El corto tramo de escalones acababa en una sala de techo más bajo que la anterior, y libre de pieles que cubrieran el suelo de hueso pulido. Carecía del amplio espacio vacío del piso superior, aquí ocupado por una cocina, un horno y una fragua, todos apagados, y algunos utensilios para sacarles provecho, como un imponente martillo, un yunque, un fuelle o un enorme caldero negro. Los objetos estaban desperdigados por el suelo sin un orden concreto, apenas iluminados por la escasa luz que atravesaba las fisuras y orificios del muro exterior, que hacían las veces de irregulares ventanas. Como todo lo demás en aquella torre, tenían aspecto de no haber sido usados en una buena temporada. Moví el caldero con tiento para no levantar mucha polvareda, comprobando en el proceso como quedaba delimitada su forma en el lugar que había ocupado antes, un perfecto círculo libre de las grisáceas partículas.
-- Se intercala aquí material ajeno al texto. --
(* Let $d\ge1$, $\sigma>0$ with $1<\sigma d<2$, and $a>0$. Then there is no nontrivial solution $Q$ of $$Q''+\frac{d-1}{\rho}Q'-Q+ia\left(\frac{1}{\sigma}Q+\rho Q'\right)+|Q|^{2\sigma}Q=0,\ \ 0<\rho<\infty,\qquad Q'(0)=0,$$ such that $Q(\rho)\sim c_1\rho^{-i/a-1/\sigma}$ as $\rho\to\infty$ for some $c_1\in\mathbb{C}$ (i.e., in the large-$\rho$ asymptotic decomposition $Q\sim c_1Q_1+c_2Q_2$ with $Q_1\sim\rho^{-i/a-1/\sigma}$ and $Q_2\sim e^{-ia\rho^2/2}\rho^{i/a-d+1/\sigma}$, one always has $c_2\neq0$). *)

From Stdlib Require Import Reals.
From Coquelicot Require Import Coquelicot.
Open Scope R_scope.

Definition rpow_nn (x y : R) : R := if Rlt_dec 0 x then Rpower x y else 0.

Definition abs_pow (z : C) (s : R) : R := rpow_nn (Cmod z) (2 * s).

(* rho^(i/a + 1/sigma) = rho^(1/sigma) * exp(i ln(rho)/a), for rho > 0;
   this is 1 / Q_1(rho) where Q_1(rho) = rho^(-i/a - 1/sigma). *)
Definition inv_Q1 (a s rho : R) : C :=
  Cmult (RtoC (Rpower rho (1 / s)))
        (cos (ln rho / a), sin (ln rho / a)).

(* Write Q = u + i v, m = d - 1 and s = 1/sigma, so that s < m + 1 < 2 s.
   The Pohozaev-type energy
     E(t) = t^m Im(conj Q Q')(t) + a t^(m+1) |Q(t)|^2 / 2
   satisfies E' = a ((m+1)/2 - s) t^m |Q|^2 <= 0, so E is nonincreasing.
   The flux t^m Q' obeys an equation whose rotation term i a t Q' does not change
   |t^m Q'|, so |t^m Q'| grows at most like the integral of t^m |Q|.  At infinity
   |Q| = O(t^-s) gives |t^m Q'| = O(t^(m+1-s)), hence E(t) = O(t^(m+1-2s)) -> 0
   and E >= 0.  Near the origin Q(t) = Q(0) + o(t) gives E <= 0.  Hence E = 0,
   so E' = 0 and Q vanishes. *)

From Stdlib Require Import Reals Lra Lia.
From Coquelicot Require Import Coquelicot.
Open Scope R_scope.

Lemma Rabs_dot_le (a b c d : R) :
  Rabs (a * c + b * d) <= sqrt (a ^ 2 + b ^ 2) * sqrt (c ^ 2 + d ^ 2).
Proof.
  pose proof (sqrt_cauchy a b c d) as Hab.
  pose proof (sqrt_cauchy (- a) (- b) c d) as Hnab.
  rewrite <- !Rsqr_neg, !Rsqr_pow2 in Hnab. rewrite !Rsqr_pow2 in Hab.
  apply Rabs_le; lra.
Qed.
Me picó la nariz y sentí acercarse otro estornudo. A duras penas pude contenerlo, pero conseguirlo evitó que se repitiera el irritante ataque que me acometió al entrar en la torre. Qué ganas tenía de librarme de toda aquella suciedad.
El siguiente tramo de escaleras era anexo al primero y, al igual que este, descendía siguiendo la curva de la pared en una suave espiral, aunque su longitud era superior, así como la distancia entre el suelo y el techo en la nueva estancia. Como sucedía en la entrada, el piso estaba cubierto con una mullida alfombra de lanuda piel que invitaba a acomodarse. La oscuridad reinaba tranquila en el lugar, protegida por un numeroso ejército óseo que había sido unido a conciencia, para no dejar ni una sola grieta entre sus filas.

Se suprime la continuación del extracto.